• [TASK BRIEF] Print each of the records below, leaving every word as it is.

• [DATA SUPPLIED]
BEGIN

(* Let $\mathcal M$ be a $\Sigma$-module over a field $\mathbb F$ such that each $\mathcal M(n)$ has a basis $\mathcal B(n)$ stable under the action of $\Sigma_n$. For an object $(A,\beta)$ of $\beta(\mathcal M)$ set, for all ${\underline r}\in\mathrm{Comp}_p(n)$ and $[x]_{\underline r}\in\Sigma_{\underline r}\backslash\mathcal B(n)$, $\gamma_{[x]_{\underline r},{\underline r}}=\beta_{\mathscr O_{\Sigma_{\underline r}}([x]_{\underline r}),{\underline r}}$. Then $(A,\beta)\mapsto(A,\gamma)$ (identity on morphisms) defines a functor $P_{\mathcal M}:\beta(\mathcal M)\to\gamma(\mathcal M)$, and $P_{\mathcal M}$ is an isomorphism of categories.
   Context: $[n]=\{1,\dots,n\}$. A $\Sigma$-module is a sequence of $\mathbb F$-linear $\Sigma_n$-representations $\mathcal M(n)$. Compositions ${\underline r}=(r_1,\dots,r_p)\in\mathrm{Comp}_p(n)$ are tuples of nonnegative integers with sum $n$, identified with the partition of $[n]$ into consecutive intervals ${\underline r}_i$ of lengths $r_i$; $\Sigma_{\underline r}\subseteq\Sigma_n$ preserves each ${\underline r}_i$. For a group $H$ acting on a set, $[x]_H$, $\Omega_H(x)$, $\mathrm{Stab}_H(x)$ denote class, orbit, stabiliser; write $[x]_{\underline r},\mathrm{Stab}_{\underline r}$ for $H=\Sigma_{\underline r}$. $\mathscr O_{\Sigma_{\underline r}}([x]_{\underline r})=\sum_{y\in\Omega_{\Sigma_{\underline r}}(x)}y\in\mathcal M(n)^{\Sigma_{\underline r}}$. For $\rho\in\Sigma_p$: ${\underline r}^\rho=(r_{\rho^{-1}(1)},\dots,r_{\rho^{-1}(p)})$, $\rho^*\in\Sigma_n$ the block permutation with blocks of sizes $r_i$ associated to $\rho$. For ${\underline q}\in\mathrm{Comp}_s(p)$: ${\underline q}\rhd{\underline r}=(\sum_{i\in{\underline q}_1}r_i,\dots,\sum_{i\in{\underline q}_s}r_i)$. ${\underline r}\circ_1(l,m)=(l,m,r_2,\dots,r_p)$. Sums over $G/H$ are over left coset representatives. $\beta(\mathcal M)$: objects $(A,\beta)$ with $\beta_{x,{\underline r}}:A^{\times p}\to A$ for ${\underline r}\in\mathrm{Comp}_p(n)$, $x\in\mathcal M(n)^{\Sigma_{\underline r}}$, satisfying ($\beta$1) $\beta_{x,{\underline r}}(a_1,\dots,a_p)=\beta_{\rho^*\cdot x,{\underline r}^\rho}(a_{\rho^{-1}(1)},\dots,a_{\rho^{-1}(p)})$; ($\beta$2) $\beta_{x,(0,r_1,\dots,r_p)}(a_0,\dots,a_p)=\beta_{x,(r_1,\dots,r_p)}(a_1,\dots,a_p)$; ($\beta$3) $\beta_{x,{\underline r}}(\lambda a_1,a_2,\dots)=\lambda^{r_1}\beta_{x,{\underline r}}(a_1,a_2,\dots)$; ($\beta$4) for ${\underline q}\in\mathrm{Comp}_s(p)$, $\beta_{x,{\underline r}}$ at ($a_1$ repeated $q_1$ times, …, $a_s$ repeated $q_s$ times) equals $\beta_{\sum_{\sigma\in\Sigma_{{\underline q}\rhd{\underline r}}/\Sigma_{\underline r}}\sigma\cdot x,{\underline q}\rhd{\underline r}}(a_1,\dots,a_s)$; ($\beta$5) $\beta_{x,{\underline r}}(a_0+a_1,a_2,\dots)=\sum_{l+m=r_1}\beta_{x,{\underline r}\circ_1(l,m)}(a_0,a_1,a_2,\dots)$; ($\beta$6) $\beta_{\lambda x+y,{\underline r}}=\lambda\beta_{x,{\underline r}}+\beta_{y,{\underline r}}$. Morphisms: linear maps commuting with all operations. $\gamma(\mathcal M)$: objects $(A,\gamma)$ with $\gamma_{[x]_{\underline r},{\underline r}}:A^{\times p}\to A$ for ${\underline r}\in\mathrm{Comp}_p(n)$, $[x]_{\underline r}\in\Sigma_{\underline r}\backslash\mathcal B(n)$, satisfying ($\gamma$1) $\gamma_{[x]_{\underline r},{\underline r}}(a_1,\dots,a_p)=\gamma_{[\rho^*\cdot x]_{{\underline r}^\rho},{\underline r}^\rho}(a_{\rho^{-1}(1)},\dots,a_{\rho^{-1}(p)})$; ($\gamma$2) $\gamma_{[x]_{(0,{\underline r})},(0,{\underline r})}(a_0,a_1,\dots,a_p)=\gamma_{[x]_{\underline r},{\underline r}}(a_1,\dots,a_p)$; ($\gamma$3) $\gamma_{[x]_{\underline r},{\underline r}}(\lambda a_1,\dots)=\lambda^{r_1}\gamma_{[x]_{\underline r},{\underline r}}(a_1,\dots)$; ($\gamma$4) for ${\underline q}\in\mathrm{Comp}_s(p)$ and $x\in\mathcal B(n)$, $\gamma_{[x]_{\underline r},{\underline r}}$ at ($a_1$ repeated $q_1$ times, …, $a_s$ repeated $q_s$ times) equals $\frac{|\mathrm{Stab}_{{\underline q}\rhd{\underline r}}(x)|}{|\mathrm{Stab}_{\underline r}(x)|}\gamma_{[x]_{{\underline q}\rhd{\underline r}},{\underline q}\rhd{\underline r}}(a_1,\dots,a_s)$; ($\gamma$5) $\gamma_{[x]_{\underline r},{\underline r}}(a_0+a_1,a_2,\dots,a_p)=\sum_{l+m=r_1}\sum_{[y]\in\Sigma_{{\underline r}\circ_1(l,m)}\backslash\Omega_{\Sigma_{\underline r}}(x)}\gamma_{[y]_{{\underline r}\circ_1(l,m)},{\underline r}\circ_1(l,m)}(a_0,a_1,\dots,a_p)$. Morphisms: linear maps commuting with the operations. Integer coefficients are mapped into $\mathbb F$. *)

From HB Require Import structures.
From mathcomp Require Import all_boot all_order all_algebra all_fingroup.
Set Implicit Arguments. Unset Strict Implicit. Unset Printing Implicit Defensive.
Import GRing.Theory.
Local Open Scope ring_scope.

END

• [EXPECTED ANSWER]
(* Let $\mathcal M$ be a $\Sigma$-module over a field $\mathbb F$ such that each $\mathcal M(n)$ has a basis $\mathcal B(n)$ stable under the action of $\Sigma_n$. For an object $(A,\beta)$ of $\beta(\mathcal M)$ set, for all ${\underline r}\in\mathrm{Comp}_p(n)$ and $[x]_{\underline r}\in\Sigma_{\underline r}\backslash\mathcal B(n)$, $\gamma_{[x]_{\underline r},{\underline r}}=\beta_{\mathscr O_{\Sigma_{\underline r}}([x]_{\underline r}),{\underline r}}$. Then $(A,\beta)\mapsto(A,\gamma)$ (identity on morphisms) defines a functor $P_{\mathcal M}:\beta(\mathcal M)\to\gamma(\mathcal M)$, and $P_{\mathcal M}$ is an isomorphism of categories.
   Context: $[n]=\{1,\dots,n\}$. A $\Sigma$-module is a sequence of $\mathbb F$-linear $\Sigma_n$-representations $\mathcal M(n)$. Compositions ${\underline r}=(r_1,\dots,r_p)\in\mathrm{Comp}_p(n)$ are tuples of nonnegative integers with sum $n$, identified with the partition of $[n]$ into consecutive intervals ${\underline r}_i$ of lengths $r_i$; $\Sigma_{\underline r}\subseteq\Sigma_n$ preserves each ${\underline r}_i$. For a group $H$ acting on a set, $[x]_H$, $\Omega_H(x)$, $\mathrm{Stab}_H(x)$ denote class, orbit, stabiliser; write $[x]_{\underline r},\mathrm{Stab}_{\underline r}$ for $H=\Sigma_{\underline r}$. $\mathscr O_{\Sigma_{\underline r}}([x]_{\underline r})=\sum_{y\in\Omega_{\Sigma_{\underline r}}(x)}y\in\mathcal M(n)^{\Sigma_{\underline r}}$. For $\rho\in\Sigma_p$: ${\underline r}^\rho=(r_{\rho^{-1}(1)},\dots,r_{\rho^{-1}(p)})$, $\rho^*\in\Sigma_n$ the block permutation with blocks of sizes $r_i$ associated to $\rho$. For ${\underline q}\in\mathrm{Comp}_s(p)$: ${\underline q}\rhd{\underline r}=(\sum_{i\in{\underline q}_1}r_i,\dots,\sum_{i\in{\underline q}_s}r_i)$. ${\underline r}\circ_1(l,m)=(l,m,r_2,\dots,r_p)$. Sums over $G/H$ are over left coset representatives. $\beta(\mathcal M)$: objects $(A,\beta)$ with $\beta_{x,{\underline r}}:A^{\times p}\to A$ for ${\underline r}\in\mathrm{Comp}_p(n)$, $x\in\mathcal M(n)^{\Sigma_{\underline r}}$, satisfying ($\beta$1) $\beta_{x,{\underline r}}(a_1,\dots,a_p)=\beta_{\rho^*\cdot x,{\underline r}^\rho}(a_{\rho^{-1}(1)},\dots,a_{\rho^{-1}(p)})$; ($\beta$2) $\beta_{x,(0,r_1,\dots,r_p)}(a_0,\dots,a_p)=\beta_{x,(r_1,\dots,r_p)}(a_1,\dots,a_p)$; ($\beta$3) $\beta_{x,{\underline r}}(\lambda a_1,a_2,\dots)=\lambda^{r_1}\beta_{x,{\underline r}}(a_1,a_2,\dots)$; ($\beta$4) for ${\underline q}\in\mathrm{Comp}_s(p)$, $\beta_{x,{\underline r}}$ at ($a_1$ repeated $q_1$ times, …, $a_s$ repeated $q_s$ times) equals $\beta_{\sum_{\sigma\in\Sigma_{{\underline q}\rhd{\underline r}}/\Sigma_{\underline r}}\sigma\cdot x,{\underline q}\rhd{\underline r}}(a_1,\dots,a_s)$; ($\beta$5) $\beta_{x,{\underline r}}(a_0+a_1,a_2,\dots)=\sum_{l+m=r_1}\beta_{x,{\underline r}\circ_1(l,m)}(a_0,a_1,a_2,\dots)$; ($\beta$6) $\beta_{\lambda x+y,{\underline r}}=\lambda\beta_{x,{\underline r}}+\beta_{y,{\underline r}}$. Morphisms: linear maps commuting with all operations. $\gamma(\mathcal M)$: objects $(A,\gamma)$ with $\gamma_{[x]_{\underline r},{\underline r}}:A^{\times p}\to A$ for ${\underline r}\in\mathrm{Comp}_p(n)$, $[x]_{\underline r}\in\Sigma_{\underline r}\backslash\mathcal B(n)$, satisfying ($\gamma$1) $\gamma_{[x]_{\underline r},{\underline r}}(a_1,\dots,a_p)=\gamma_{[\rho^*\cdot x]_{{\underline r}^\rho},{\underline r}^\rho}(a_{\rho^{-1}(1)},\dots,a_{\rho^{-1}(p)})$; ($\gamma$2) $\gamma_{[x]_{(0,{\underline r})},(0,{\underline r})}(a_0,a_1,\dots,a_p)=\gamma_{[x]_{\underline r},{\underline r}}(a_1,\dots,a_p)$; ($\gamma$3) $\gamma_{[x]_{\underline r},{\underline r}}(\lambda a_1,\dots)=\lambda^{r_1}\gamma_{[x]_{\underline r},{\underline r}}(a_1,\dots)$; ($\gamma$4) for ${\underline q}\in\mathrm{Comp}_s(p)$ and $x\in\mathcal B(n)$, $\gamma_{[x]_{\underline r},{\underline r}}$ at ($a_1$ repeated $q_1$ times, …, $a_s$ repeated $q_s$ times) equals $\frac{|\mathrm{Stab}_{{\underline q}\rhd{\underline r}}(x)|}{|\mathrm{Stab}_{\underline r}(x)|}\gamma_{[x]_{{\underline q}\rhd{\underline r}},{\underline q}\rhd{\underline r}}(a_1,\dots,a_s)$; ($\gamma$5) $\gamma_{[x]_{\underline r},{\underline r}}(a_0+a_1,a_2,\dots,a_p)=\sum_{l+m=r_1}\sum_{[y]\in\Sigma_{{\underline r}\circ_1(l,m)}\backslash\Omega_{\Sigma_{\underline r}}(x)}\gamma_{[y]_{{\underline r}\circ_1(l,m)},{\underline r}\circ_1(l,m)}(a_0,a_1,\dots,a_p)$. Morphisms: linear maps commuting with the operations. Integer coefficients are mapped into $\mathbb F$. *)

From HB Require Import structures.
From mathcomp Require Import all_boot all_order all_algebra all_fingroup.
Set Implicit Arguments. Unset Strict Implicit. Unset Printing Implicit Defensive.
Import GRing.Theory.
Local Open Scope ring_scope.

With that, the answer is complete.